The next factor is going to be how good of a job _you_ did when you created the route. I tend to use RideWithGPS to create routes to follow and with that tool, I can program turn notifications where I want them. If I'm good, the turn notification goes off far enough in advance of the actual turn that I don't miss it, or panic brake in order to make it. I can put the notification much farther ahead on descents and closer to the turn when I anticipate I'll be going slower. I can reasonably accurately follow the best data available and take my time with the task, or I can rush through it sloppily and give my Garmin some really terrible instructions to follow.

One classic example was from an 80+mi road ride I did years ago. It was planned by others and was a semi-informal Memorial Day ride where the organizer actually got us a police escort for the first few miles. The organizer created a route to follow and sent it to participants using MapMyRide. I looked at the route beforehand and saw little details that were off. Turn notifications were REALLY close to turns. The route went the wrong way through a few roundabouts, that sort of thing. So I took the ride, fixed those little details with RWGPS, and loaded that file into my Garmin. When out on the ride, the turn notification for one really super sharp left turn created some mayhem. I had already split off into a slower group off the back, so I missed the actual mayhem, but I came through afterwards and talked to a few riders. The group was moving pretty quickly there, and a subset of the group got the turn correct (started braking early in order to make the really sharp left), but another subset didn't and just kept hammering. The two subgroups crossed up and crashed. It wasn't helped any by the loose debris in the middle of the road, as tends to collect. One rider broke her pelvis in the mayhem. That turn needed a pretty early warning if you didn't know the turn ahead of time. It was a fairly fast section of road and you had to start braking pretty early. You also had to be heads-up to get around the pile of loose debris and make that sharp turn.

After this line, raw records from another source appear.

(* Let $\Gamma$ be a finite nilpotent group of order $n=\prod_{p\mid n}p^{v_p}$, and for each prime $p\mid n$ let $\Gamma_p$ denote the Sylow $p$-subgroup of $\Gamma$. Then for every nilpotent group $G$ of order $n$, with Sylow $p$-subgroups $G_p$, we have $$e(\Gamma,G)=\prod_{p\mid n} e(\Gamma_p,G_p).$$
   Context: For finite groups $\Gamma$ and $G$ of the same order, $e(\Gamma,G)$ denotes the number of Hopf-Galois structures of type $G$ on a Galois field extension $L/K$ with $\mathrm{Gal}(L/K)\cong\Gamma$. Here a Hopf-Galois structure given by a $K$-Hopf algebra $H$ has type $G$ if $L\otimes_K H\cong L[G]$ for the corresponding regular permutation group $G$ on $\Gamma$ (Greither–Pareigis). Equivalently (and this is the working definition), $e(\Gamma,G)$ is the number of equivalence classes of regular embeddings $\beta:\Gamma\to\mathrm{Hol}(G)$, where $\mathrm{Hol}(G)=\rho(G)\cdot\mathrm{Aut}(G)\subseteq \mathrm{Perm}(G)$ is the holomorph of $G$ with $\rho(g)(x)=xg^{-1}$, a regular embedding is an injective homomorphism whose image acts regularly (simply transitively) on $G$, and two regular embeddings are equivalent if they are conjugate by an element of $\mathrm{Aut}(G)$. A finite group is nilpotent iff it is the direct product of its Sylow subgroups. *)

From mathcomp Require Import all_boot all_fingroup all_solvable.
Set Implicit Arguments. Unset Strict Implicit. Unset Printing Implicit Defensive.
Import GroupScope.
Local Open Scope group_scope.

Section Hopf.
Variables (gT hT : finGroupType).

(* Right translation rho(g) : x |-> x g^-1 on B, restricted as a permutation
   of hT that fixes every point outside B. *)
(* Hol(B) = rho(B) . Aut(B), realised inside Perm(B) viewed as the permutations
   of hT that fix every point outside B. *)
Definition Hol (B : {set hT}) : {set {perm hT}} :=
  [set p : {perm hT} | [forall x in ~: B, p x == x] &&
     [exists g in B, exists s in Aut B, [forall x in B, p x == s (x * g^-1)]]].
(* Every reachable state satisfies an invariant with two main parts.  First,
   num_active_tasks is the number of threads whose program counter lies inside a
   task, i.e. between an increment of num_active_tasks and the matching decrement.
   Second, every transaction j < n that is not EXECUTED is accounted for: a
   READY_TO_EXECUTE one by execution_idx <= j, an ABORTING one by its membership
   in a dependency set txn_dependency[b] with b < j, and otherwise by a thread in
   the middle of a task on j.  A dependency set of b is only nonempty while b is
   not EXECUTED or its executor has yet to swap the set out; preserving this needs
   the lock discipline of add_dependency.
   When num_active_tasks = 0 no thread is inside a task, so if moreover
   execution_idx >= n, induction on j shows that every transaction below n is
   EXECUTED; and no pre-validation, execution or validation interval is open, so
   the only remaining element of the commit set is validation_idx >= n. *)

Arguments updn : simpl never.

Lemma count_updn {T : Type} (a : pred T) (f : nat -> T) t x {r : seq nat} :
  uniq r -> t \in r ->
  count (a \o updn f t x) r + a (f t) = count (a \o f) r + a x.
Proof.
elim: r => // u r IHr /= /andP[ur uniq_r]; rewrite in_cons.
case: (eqVneq t u) => [tu _ | tu /= tr]; last first.
  by rewrite {1}/updn eq_sym (negbTE tu) -addnA IHr //; lia.
subst u; have -> : count (a \o updn f t x) r = count (a \o f) r.
  by apply: eq_in_count => v vr; rewrite /= /updn; case: eqP => // vt; rewrite -vt vr in ur.
by rewrite /= /updn eqxx; lia.
Qed.

Lemma mv_scan_error_lt (V : Type) (d : nat -> option (mventry V)) k b :
  mv_scan d k = ReadError b -> b < k.
Proof.
elim: k => //= k IHk; case: (d k) => [[|i v]|] //; first by case=> ->.
by move/IHk/ltnW.
Qed.

Lemma seq_min_le ds j : j \in ds -> seq_min ds <= j.
Proof.
rewrite /seq_min; elim: ds (head 0 ds) => //= x r IHr a.
rewrite in_cons => /predU1P[->|jr]; first exact: geq_minl.
exact: leq_trans (geq_minr _ _) (IHr a jr).
Qed.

With my Garmin on my mtb, I'm okay with not having all the trails on the map, as long as i have some. What's critical to me are topo maps loaded in. I can use the terrain to match up my location between what my GPS shows and the paper map if I need to look at that much detail while I'm in the woods. The topo data that I load shows roads, streams, etc pretty well, so it's not usually too difficult to match them up when there are no trails on the digital map data.

To get the best use out of the hardware, you need to understand how it works and its limitations. This is true for anything. People get themselves into trouble by setting expectations too high and being too rigid and unadaptable.


----------



## chiefsilverback (Dec 20, 2019)

Are you riding mapped trails, or do you want to build up a map of your trails? If it's the former and they are mapped on Trailforks then as others have mentioned Garmin have Trailforks integration.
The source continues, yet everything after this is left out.